*** Record excerpts Section Begins ***
(* Let $\mathcal{X}$ be a set of nonempty causally complete open subsets of $\mathbb{R}^{1+s}$ satisfying the following two properties: ($\mathbf{c2}_1$) for any $X\in\mathcal{X}$ and $X_0\in\mathcal{X}$ with $X_0\subset X$, there exists $X_{00}\in\mathcal{X}$ with $X_{00}\subset X_0$ such that $\mathcal{X}(X\cap X_{00}')$ is nonempty and connected; ($\mathbf{c2}_2$) for any $X\in\mathcal{X}$ and $X_1,X_2\in\mathcal{X}$ with $X_1,X_2\subset X$, there exist $X_{10},X_{20}\in\mathcal{X}$ with $X_{10}\subset X_1$, $X_{20}\subset X_2$ such that $\mathcal{X}(X\cap X_{10}'\cap X_{20}')$ is nonempty. Then for every $X\in\mathcal{X}$ the set $\mathcal{X}^{(2)}_\times(X)$ is nonempty and connected.
   Context: $R'$ denotes the causal complement of $R\subset\mathbb{R}^{1+s}$; $X_1\perp X_2$ (causal disjointness) means $(x_1-x_2)^2<0$ for all $x_1\in X_1,x_2\in X_2$ (Minkowski metric with signature $(+,-,\dots,-)$). For $R\subset\mathbb{R}^{1+s}$: $\mathcal{X}(R)=\{X\in\mathcal{X}: X\subset R\}$, half-ordered by inclusion, and $\mathcal{X}^{(2)}_\times(R)=\{(X_1,X_2)\in\mathcal{X}(R)\times\mathcal{X}(R): X_1\perp X_2\}$, half-ordered by componentwise inclusion. A path of length $N$ in a half-ordered set $(A,\subset)$ is a sequence $a_0,\dots,a_N\in A$ with $a_{j-1}\subset a_j$ or $a_j\subset a_{j-1}$ for each $j$; $A$ is connected if any two of its elements are joined by a path of finite length. *)

From HB Require Import structures.
From mathcomp Require Import all_boot all_order all_algebra.
From mathcomp Require Import all_classical all_reals all_analysis.
From mathcomp Require Import Rstruct Rstruct_topology.
From Stdlib Require Import Rdefinitions.
Set Implicit Arguments. Unset Strict Implicit. Unset Printing Implicit Defensive.
Import Order.TTheory GRing.Theory Num.Theory.
Local Open Scope classical_set_scope.
Local Open Scope ring_scope.

(* Points of Minkowski space R^{1+s}: row vectors of length s+1, index 0 = time. *)
Notation mpt s := 'rV[R]_(s.+1).

Definition mink (s : nat) (v : mpt s) : R :=
  v ord0 ord0 ^+ 2 - \sum_(i < s) v ord0 (lift ord0 i) ^+ 2.

Definition ccompl (s : nat) (A : set (mpt s)) : set (mpt s) :=
  [set x | forall y, A y -> mink (x - y) < 0].

Definition cperp (s : nat) (A B : set (mpt s)) : Prop :=
  forall x1 x2, A x1 -> B x2 -> mink (x1 - x2) < 0.

Definition causally_complete (s : nat) (A : set (mpt s)) : Prop :=
  ccompl (ccompl A) = A.

Definition Xin (s : nat) (XX : set (set (mpt s))) (A : set (mpt s)) :
  set (set (mpt s)) := [set Y | XX Y /\ Y `<=` A].

Definition X2in (s : nat) (XX : set (set (mpt s))) (A : set (mpt s)) :
  set (set (mpt s) * set (mpt s)) :=
  [set p | XX p.1 /\ XX p.2 /\ p.1 `<=` A /\ p.2 `<=` A /\ cperp p.1 p.2].

Definition pair_incl (s : nat) (p q : set (mpt s) * set (mpt s)) : Prop :=
  p.1 `<=` q.1 /\ p.2 `<=` q.2.

Definition hconnected (T : Type) (le : T -> T -> Prop) (A : set T) : Prop :=
  forall a b, A a -> A b ->
    exists (N : nat) (f : nat -> T),
      f 0%N = a /\ f N = b /\ (forall j : nat, leq j N -> A (f j)) /\
      (forall j : nat, ltn 0 j -> leq j N -> le (f j.-1) (f j) \/ le (f j) (f j.-1)).

From HB Require Import structures.
From mathcomp Require Import all_boot all_order all_algebra.
From mathcomp Require Import all_classical all_reals all_analysis.
From mathcomp Require Import Rstruct Rstruct_topology.
From Stdlib Require Import Rdefinitions.
From mathcomp Require Import zify.
Set Implicit Arguments. Unset Strict Implicit.
Local Open Scope classical_set_scope.

(* Two pairs with the same second member B are joined by shrinking B to the
   B00 given by (c2_1): (A, B) and (A', B) dominate (A, B00) and (A', B00),
   whose first members both lie in the connected set X(X ∩ B00'); by symmetry
   the same holds for pairs with a common first member.  For arbitrary pairs
   (X1, X2) and (Y1, Y2), (c2_2) yields X20 ⊆ X2, Y20 ⊆ Y2 and Z causally
   disjoint from both, and the path
     (X1, X2) ⊇ (X1, X20) ~ (Z, X20) ~ (Z, Y20) ~ (Y1, Y20) ⊆ (Y1, Y2)
   changes one member at a time. *)

Section Paths.
Variables (T : Type) (le : T -> T -> Prop) (A : set T).

Definition hjoined (a b : T) : Prop :=
  exists (N : nat) (f : nat -> T),
    f 0%N = a /\ f N = b /\ (forall j : nat, (j <= N)%N -> A (f j)) /\
    (forall j : nat, (0 < j)%N -> (j <= N)%N ->
       le (f j.-1) (f j) \/ le (f j) (f j.-1)).

Lemma hjoined_step a b : A a -> A b -> le a b \/ le b a -> hjoined a b.
Proof.
move=> Aa Ab le_ab; exists 1%N, (fun j => if j == 0%N then a else b).
by do 2!split=> //; split; [case=> [|[]] | case=> [|[|]]].
Qed.

Lemma hjoined_sym a b : hjoined a b -> hjoined b a.
Proof.
move=> [N [f [f0 [fN [fA fle]]]]]; exists N, (fun j => f (N - j)%N).
rewrite subn0 subnn; do 2!split=> //.
split=> [j _|j j_gt0 jN]; first exact/fA/leq_subr.
have -> : (N - j.-1)%N = (N - j).+1 by lia.
by have /= := fle (N - j).+1 isT ltac:(lia); tauto.
Qed.

Lemma hjoined_trans a b c : hjoined a b -> hjoined b c -> hjoined a c.
Proof.
move=> [N1 [f1 [f10 [f1N [f1A f1le]]]]] [N2 [f2 [f20 [f2N [f2A f2le]]]]].
pose f j := if (j <= N1)%N then f1 j else f2 (j - N1)%N.
have f_right j : (N1 <= j)%N -> f j = f2 (j - N1)%N.
  rewrite /f; case: (leqP j N1) => // j_le N1_le.
  have -> : j = N1 by lia.
  by rewrite subnn f1N f20.
exists (N1 + N2)%N, f; split; first by rewrite /f leq0n.
split; first by rewrite f_right ?leq_addr // addKn.
split=> [j jN|j j_gt0 jN].
  by rewrite /f; case: leqP => ?; [exact: f1A | apply: f2A; lia].
case: (leqP j N1) => jN1.
  by rewrite /f jN1 (_ : j.-1 <= N1)%N; [exact: f1le | lia].
rewrite !f_right; try lia.
have -> : (j.-1 - N1)%N = (j - N1)%N.-1 by lia.
apply: f2le; lia.
Qed.

End Paths.

Lemma hjoined_map (T U : Type) (le : T -> T -> Prop) (le' : U -> U -> Prop)
    (A : set T) (A' : set U) (g : T -> U) a b :
  (forall x, A x -> A' (g x)) ->
  (forall x y, A x -> A y -> le x y -> le' (g x) (g y)) ->
  hjoined le A a b -> hjoined le' A' (g a) (g b).
Proof.
move=> gA gle [N [f [f0 [fN [fA fle]]]]].
exists N, (g \o f); rewrite /= f0 fN; do 2!split=> //.
split=> [j jN|j j_gt0 jN]; first exact/gA/fA.
have jN' : (j.-1 <= N)%N by lia.
by case: (fle j j_gt0 jN) => ?; [left|right]; apply: gle => //; apply: fA.
Qed.

Lemma minkN (s : nat) (v : mpt s) : mink (- v) = mink v.
Proof.
rewrite /mink !mxE GRing.sqrrN; congr (_ - _)%R.
by apply: eq_bigr => i _; rewrite mxE GRing.sqrrN.
Qed.

Lemma cperp_sym (s : nat) (A B : set (mpt s)) : cperp A B -> cperp B A.
Proof. by move=> AB x y Bx Ay; rewrite -minkN GRing.opprB; apply: AB. Qed.

Section CausallyDisjointPairs.
Variables (s : nat) (XX : set (set (mpt s))) (X : set (mpt s)).

Lemma X2in_swap A B : X2in XX X (A, B) -> X2in XX X (B, A).
Proof. by move=> [XA [XB [AX [BX /cperp_sym]]]]. Qed.

Lemma X2inSr A B B0 : XX B0 -> B0 `<=` B -> X2in XX X (A, B) -> X2in XX X (A, B0).
Proof.
move=> XB0 B0B [XA [_ [AX [BX AB]]]]; do 2!split=> //.
by split=> //; split=> [x /B0B/BX|x y Ax /B0B]; last exact: AB.
Qed.

Lemma X2in_ccompl A B :
  XX B -> B `<=` X -> Xin XX (X `&` ccompl B) A -> X2in XX X (A, B).
Proof.
move=> XB BX [XA AXB]; do 3!split=> //; first by move=> x /AXB [].
by split=> // x y /AXB [_]; apply.
Qed.

Lemma Xin_ccompl A B B0 :
  B0 `<=` B -> X2in XX X (A, B) -> Xin XX (X `&` ccompl B0) A.
Proof.
move=> B0B [XA [_ [AX [_ AB]]]]; split=> // x Ax.
by split=> [|y /B0B]; [exact: AX | exact: AB].
Qed.

Hypothesis XXX : XX X.
Hypothesis c21 : forall X0, XX X0 -> X0 `<=` X ->
  exists X00, XX X00 /\ X00 `<=` X0 /\
    Xin XX (X `&` ccompl X00) !=set0 /\
    hconnected (@subset (mpt s)) (Xin XX (X `&` ccompl X00)).

Lemma X2in_nonempty : X2in XX X !=set0.
Proof.
have [X00 [XX00 [X00X [[Y XY] _]]]] := c21 XXX (@subset_refl _ X).
by exists (Y, X00); apply: X2in_ccompl.
Qed.

Lemma X2in_joined_fst A A' B : X2in XX X (A, B) -> X2in XX X (A', B) ->
  hjoined (@pair_incl s) (X2in XX X) (A, B) (A', B).
Proof.
move=> AB A'B; have [_ [XB [_ [BX _]]]] := A'B.
have [B0 [XB0 [B0B [_ B0conn]]]] := c21 XB BX.
have B0X : B0 `<=` X := subset_trans B0B BX.
apply: (hjoined_trans (b := (A, B0))).
  by apply: hjoined_step => //; [exact: X2inSr AB | right; split].
apply: (hjoined_trans (b := (A', B0))); last first.
  by apply: hjoined_step => //; [exact: X2inSr A'B | left; split].
apply: (@hjoined_map _ _ (@subset _) _ _ _ (fun Z => (Z, B0))).
- by move=> Z; apply: X2in_ccompl.
- by move=> ? ? _ _ ZZ'; split.
- exact: B0conn (Xin_ccompl B0B AB) (Xin_ccompl B0B A'B).
Qed.

Lemma X2in_joined_snd A B B' : X2in XX X (A, B) -> X2in XX X (A, B') ->
  hjoined (@pair_incl s) (X2in XX X) (A, B) (A, B').
Proof.
move=> /X2in_swap BA /X2in_swap B'A.
apply: (@hjoined_map _ _ _ _ _ _ (fun p => (p.2, p.1)) (B, A) (B', A)
         _ _ (X2in_joined_fst BA B'A)).
- by case=> ? ? /X2in_swap.
- by move=> [? ?] [? ?] _ _ [].
Qed.

Hypothesis c22 : forall X1 X2, XX X1 -> XX X2 -> X1 `<=` X -> X2 `<=` X ->
  exists X10 X20, XX X10 /\ XX X20 /\ X10 `<=` X1 /\ X20 `<=` X2 /\
    Xin XX (X `&` ccompl X10 `&` ccompl X20) !=set0.

Lemma X2in_connected : hconnected (@pair_incl s) (X2in XX X).
Proof.
move=> [X1 X2] [Y1 Y2] X12 Y12.
have [_ [XX2 [_ [X2X _]]]] := X12; have [_ [XY2 [_ [Y2X _]]]] := Y12.
have [X20 [Y20 [XX20 [XY20 [X20X2 [Y20Y2 [Z [XZ ZXX20Y20]]]]]]]] :=
  c22 XX2 XY2 X2X Y2X.
have Z_X20 : X2in XX X (Z, X20).
  apply: X2in_ccompl => //; first exact: subset_trans X20X2 X2X.
  by split=> // z /ZXX20Y20 [].
have Z_Y20 : X2in XX X (Z, Y20).
  apply: X2in_ccompl => //; first exact: subset_trans Y20Y2 Y2X.
  by split=> // z /ZXX20Y20 [[Xz _] Y20z]; split.
have X1_X20 := X2inSr XX20 X20X2 X12; have Y1_Y20 := X2inSr XY20 Y20Y2 Y12.
apply: (hjoined_trans (b := (X1, X20))).
  by apply: hjoined_step => //; right; split.
apply: (hjoined_trans (X2in_joined_fst X1_X20 Z_X20)).
apply: (hjoined_trans (X2in_joined_snd Z_X20 Z_Y20)).
apply: (hjoined_trans (X2in_joined_fst Z_Y20 Y1_Y20)).
by apply: hjoined_step => //; left; split.
Qed.

End CausallyDisjointPairs.

Theorem proposition3p3 (s : nat) (XX : set (set (mpt s)))
  (HX : forall X, XX X -> X !=set0 /\ causally_complete X /\ open X)
  (c21 : forall X X0, XX X -> XX X0 -> X0 `<=` X ->
     exists X00, XX X00 /\ X00 `<=` X0 /\
       Xin XX (X `&` ccompl X00) !=set0 /\
       hconnected (@subset (mpt s)) (Xin XX (X `&` ccompl X00)))
  (c22 : forall X X1 X2, XX X -> XX X1 -> XX X2 -> X1 `<=` X -> X2 `<=` X ->
     exists X10 X20, XX X10 /\ XX X20 /\ X10 `<=` X1 /\ X20 `<=` X2 /\
       Xin XX (X `&` ccompl X10 `&` ccompl X20) !=set0) :
  forall X, XX X ->
    X2in XX X !=set0 /\ hconnected (@pair_incl s) (X2in XX X).
Proof.
move=> X XXX; split.
  exact: X2in_nonempty XXX (fun X0 => c21 X X0 XXX).
exact: X2in_connected (fun X0 => c21 X X0 XXX) (fun X1 X2 => c22 X X1 X2 XXX).
Qed.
*** Record excerpts Section Ends ***
> What to produce: Reproduce only the lines above spanning from the line containing "Section CausallyDisjointPairs." through the line containing "have [X00 [XX00", word for word.

> Answer:
Section CausallyDisjointPairs.
Variables (s : nat) (XX : set (set (mpt s))) (X : set (mpt s)).

Lemma X2in_swap A B : X2in XX X (A, B) -> X2in XX X (B, A).
Proof. by move=> [XA [XB [AX [BX /cperp_sym]]]]. Qed.

Lemma X2inSr A B B0 : XX B0 -> B0 `<=` B -> X2in XX X (A, B) -> X2in XX X (A, B0).
Proof.
move=> XB0 B0B [XA [_ [AX [BX AB]]]]; do 2!split=> //.
by split=> //; split=> [x /B0B/BX|x y Ax /B0B]; last exact: AB.
Qed.

Lemma X2in_ccompl A B :
  XX B -> B `<=` X -> Xin XX (X `&` ccompl B) A -> X2in XX X (A, B).
Proof.
move=> XB BX [XA AXB]; do 3!split=> //; first by move=> x /AXB [].
by split=> // x y /AXB [_]; apply.
Qed.

Lemma Xin_ccompl A B B0 :
  B0 `<=` B -> X2in XX X (A, B) -> Xin XX (X `&` ccompl B0) A.
Proof.
move=> B0B [XA [_ [AX [_ AB]]]]; split=> // x Ax.
by split=> [|y /B0B]; [exact: AX | exact: AB].
Qed.

Hypothesis XXX : XX X.
Hypothesis c21 : forall X0, XX X0 -> X0 `<=` X ->
  exists X00, XX X00 /\ X00 `<=` X0 /\
    Xin XX (X `&` ccompl X00) !=set0 /\
    hconnected (@subset (mpt s)) (Xin XX (X `&` ccompl X00)).

Lemma X2in_nonempty : X2in XX X !=set0.
Proof.
have [X00 [XX00 [X00X [[Y XY] _]]]] := c21 XXX (@subset_refl _ X).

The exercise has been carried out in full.